# w/o giving anything away, I saw the '08 lineup yesterday



## jm3 (Mar 22, 2003)

Very, very cool. The new graphics, some of which have already been seen on this forum, are excellent, but not over-done. The 586 mentioned here a few weeks ago should be a good fit - lighter than the 595, but with a more supple ride. A few people who've ridden it give the new frame very high remarks.

Two cool things for the consumers (at least in the USA):
1. the pricing stayed solid, no change/raise!
2. more options are far as build kits when you order your bikes.

Also, the hardtail mtb is nothing short of stunning and, considering the competition, "reasonably" priced.

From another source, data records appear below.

Lemma weighted_sumsq_le (w : 'I_d -> R) (kH Delta : R) s :
  0 <= kH -> (forall i, `|w i| <= kH) -> enorm s <= Delta ->
  `|\sum_i w i * s 0 i ^+ 2| <= kH * Delta ^+ 2.
Proof.
move=> kH_ge0 w_le s_le; apply: le_trans (ler_norm_sum _ _ _) _.
apply: (@le_trans _ _ (\sum_i kH * s 0 i ^+ 2)).
  apply: ler_sum => i _; rewrite normrM (ger0_norm (sqr_ge0 _)).
  by rewrite ler_wpM2r ?sqr_ge0.
by rewrite -mulr_sumr ler_wpM2l // sumsq_le.
Qed.

End DiagonalModel.

Section AxisPath.
Variables (R : realType) (d : nat).
Implicit Types (s x : 'rV[R]_d).

(* [axis_path s m] keeps the first [m] coordinates of [s]; the points
   [x + axis_path s m], m = 0..d, walk from [x] to [x + s] along the axes. *)
Definition axis_path s (m : nat) : 'rV[R]_d :=
  \row_i (if (i < m)%N then s 0 i else 0).

Lemma axis_path0 s : axis_path s 0 = 0.
Proof. by apply/rowP => i; rewrite !mxE. Qed.

Lemma axis_path_full s : axis_path s d = s.
Proof. by apply/rowP => i; rewrite !mxE ltn_ord. Qed.

Lemma axis_path_step s x (k : 'I_d) :
  x + axis_path s k.+1 = s 0 k *: unitv R k + (x + axis_path s k).
Proof.
apply/rowP => i; rewrite !mxE /= ltnS leq_eqVlt.
have [->|ik] := eqVneq i k; first by rewrite eqxx ltnn mulr1 addr0 addrC.
have -> : (nat_of_ord i == k) = false by apply/negbTE.
by rewrite mulr0 add0r.
Qed.

Lemma telescope_axis_path (f : 'rV[R]_d -> R) s x :
  f (x + s) - f x
  = \sum_(k < d) (f (x + axis_path s k.+1) - f (x + axis_path s k)).
Proof.
pose F m := f (x + axis_path s m).
rewrite -(big_mkord xpredT (fun k => F k.+1 - F k)) telescope_sumr //.
by rewrite /F axis_path_full axis_path0 addr0.
Qed.

(* A point on the k-th leg of the path (for [s] in the ball of radius [Delta])
   is within [5/2 Delta] of any point of the k-th axis segment of that ball:
   the squared distance is at most [Delta^2 + (2 Delta)^2]. *)
Lemma axis_path_dist s x (k : 'I_d) (c t Delta : R) :
  enorm s <= Delta -> `|c| <= Delta -> `|t| <= Delta ->
  enorm (c *: unitv R k + (x + axis_path s k) - (x + t *: unitv R k))
  <= 5 / 2 * Delta.
Proof.
move=> s_le; rewrite !ler_norml => /andP[c1 c2] /andP[t1 t2].
have Delta_ge0 : 0 <= Delta by lra.
apply: enorm_le; first lra.
apply: (@le_trans _ _ (\sum_i (s 0 i ^+ 2 + (i == k)%:R * (c - t) ^+ 2))).
  apply: ler_sum => i _; rewrite !mxE.
  have [->|ik] := eqVneq i k.
    rewrite eqxx ltnn /= !mulr1 mul1r addr0.
    have -> : c + x 0 k - (x 0 k + t) = c - t by ring.
    by rewrite lerDr sqr_ge0.
  rewrite andbF /= mul0r addr0.
  set v := (if _ then _ else _).
  have -> : c * 0 + (x 0 i + v) - (x 0 i + t * 0) = v by ring.
  by rewrite /v; case: ifP => _; rewrite ?expr0n ?sqr_ge0.
rewrite big_split /= [X in _ + X](bigD1 k) //= [X in _ + (_ + X)]big1 => [|i /negbTE->]; last first.
  by rewrite mul0r.
rewrite eqxx mul1r addr0.
have := sumsq_le s_le; nra.
Qed.

End AxisPath.

Section InterpolationError.
Variables (R : realType) (d : nat) (f : 'rV[R]_d -> R).
Hypothesis f_derivable : forall i x, derivable f x (unitv R i).

Lemma partial_lipschitz (L : R) i y z :
  (forall x y, enorm (grad f x - grad f y) <= L * enorm (x - y)) ->
  `|partial f i y - partial f i z| <= L * enorm (y - z).
Proof.
move=> Lip; apply: le_trans (Lip y z).
by have := coord_le_enorm (grad f y - grad f z) i; rewrite !mxE.
Qed.

Lemma model_error_decomposition b0 G H x0 s : is_diag_mx H ->
  quad_model b0 G H x0 (x0 + s) - f (x0 + s)
  = (quad_model b0 G H x0 x0 - f x0)
    + \sum_(k < d) (s 0 k * G 0 k
                    - (f (x0 + axis_path s k.+1) - f (x0 + axis_path s k)))
    + 2^-1 * \sum_i H i i * s 0 i ^+ 2.
Proof.
move=> Hdiag.
have model_at_x0 : quad_model b0 G H x0 x0 = b0.
  rewrite quad_model_diag // !big1 ?mulr0 ?addr0 // => i _;
  by rewrite !mxE subrr ?mul0r ?expr0n ?mulr0.
rewrite model_at_x0 quad_model_diag // [x0 + s]addrC addrK.
by rewrite sumrB -telescope_axis_path [s + x0]addrC; ring.
Qed.

(* Interpolating at [x0 +- Delta e^k] makes [G_k] a central difference of [f],
   hence (mean value theorem) a partial derivative of [f] at a point of the
   k-th axis segment, up to the interpolation errors. *)
Lemma central_difference b0 G H x0 (Delta ep em : R) (k : 'I_d) :
  0 < Delta -> is_diag_mx H ->
  quad_model b0 G H x0 (x0 + Delta *: unitv R k)
    = f (x0 + Delta *: unitv R k) + ep ->
  quad_model b0 G H x0 (x0 - Delta *: unitv R k)
    = f (x0 - Delta *: unitv R k) + em ->
  exists2 t, `|t| <= Delta &
    G 0 k = partial f k (x0 + t *: unitv R k) + (ep - em) / (2 * Delta).
Proof.
move=> Delta_gt0 Hdiag; rewrite quad_model_axis // -scaleNr quad_model_axis //.
rewrite sqrrN scaleNr => Mp Mm.
have [c [c_in fdiff]] := mvt_dir (x0 - Delta *: unitv R k) (2 * Delta) (@f_derivable k).
have right_end : 2 * Delta *: unitv R k + (x0 - Delta *: unitv R k)
    = x0 + Delta *: unitv R k by apply/rowP => i; rewrite !mxE; ring.
have on_axis : c *: unitv R k + (x0 - Delta *: unitv R k)
    = x0 + (c - Delta) *: unitv R k by apply/rowP => i; rewrite !mxE; ring.
rewrite right_end on_axis in fdiff.
exists (c - Delta); first by rewrite ler_norml; case: c_in => /andP[]; lra.
apply: (mulfI (_ : 2 * Delta != 0)); first by rewrite mulf_neq0 // gt_eqF.
rewrite mulrDr mulrCA divff ?mulf_neq0 ?gt_eqF // mulr1 /partial -fdiff; lra.
Qed.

I saw a few other things that I don't believe have come up here in the past, except one frame that will work very well for those who would like a shorter reach & higher position. Not sure I'm allowed to talk about that one, though.

More of a tease than anything else, I guess, but as a retailer not far removed from being a consumer, I'm really excited about the lineup. I would add, however, that most anyone considering an '07 should not feel the need to wait in fear of disappointment. You're good.


----------



## nrspeed (Jan 28, 2005)

The Optimum geometry should be a big success- I will order one as soon as its available. Hopefully enough so that Look will consider an Ultra or ISP model Optimum in the upcoming years.


----------



## HammerTime-TheOriginal (Mar 29, 2006)

It's not much of a secret anymore - at least in France. Nico, an admin (Look employee I believe) on the Look (France) corporate web forum has talked about and shown pictures of the new 585 variants. http://www.lookcycle.com/v2/francai...p?t=8972&sid=5601a6b8309a51615e3fcfbd5aa45181
or for those who can't read French, http://translate.google.com/transla...&hl=en&ie=UTF-8&oe=UTF-8&prev=/language_tools


----------



## gmarsden (Sep 20, 2006)

Is there some sort of compression or flattening in the center of top tube in the Optimum, or is it an optical illusion in the pictures?


----------



## nrspeed (Jan 28, 2005)

All the photos of the Optimum seem to have the flattened toptube.


----------



## Terex (Jan 3, 2005)

From photos, new graphics appear to be a big step down.


----------



## 1speed_Mike (Feb 16, 2004)

nrspeed said:


> All the photos of the Optimum seem to have the flattened toptube.


I'm looking at the new 08 585s and noticed the TT on the Optimum, too...not sure what it's for: 










But, I think I'm going to get the Ultra


----------



## 1speed_Mike (Feb 16, 2004)

Terex said:


> From photos, new graphics appear to be a big step down.


Looking at the 07/08 Ultras (which I'm considering), they are pretty close. I tend to prefer the dull look of the 07 to the shiny look of the 08. But, both are gorgeous!

07:









08:


----------



## ethanweiss90 (Aug 14, 2006)

From what I saw, only the early 2007 Ultras were left with a matte finish. Mine, an XXL (if that matters), has a clearcoat, which after I first saw, I preferred greatly. Can't go wrong with these bikes, though.


----------



## toonraid (Sep 19, 2006)

I am not too keen on graphics either - have gotten close to the awfull 451 era for my taste.


----------



## rensho (Aug 5, 2003)

Look mounts the ST water bottle too high. I have problems fitting a large bottle on my 51.

I like the more subdued graphics.

That squished TT might help stand over, a smidge.


----------



## HammerTime-TheOriginal (Mar 29, 2006)

rensho said:


> Look mounts the ST water bottle too high. I have problems fitting a large bottle on my 51.
> 
> I like the more subdued graphics.
> 
> That squished TT might help stand over, a smidge.


I have a 51. Due to the low "guard rail", the 2007 model year Look cage helps a lot on the ST, and on the DT as well.
http://forums.roadbikereview.com/showthread.php?t=98819
http://forums.roadbikereview.com/showthread.php?t=103549


----------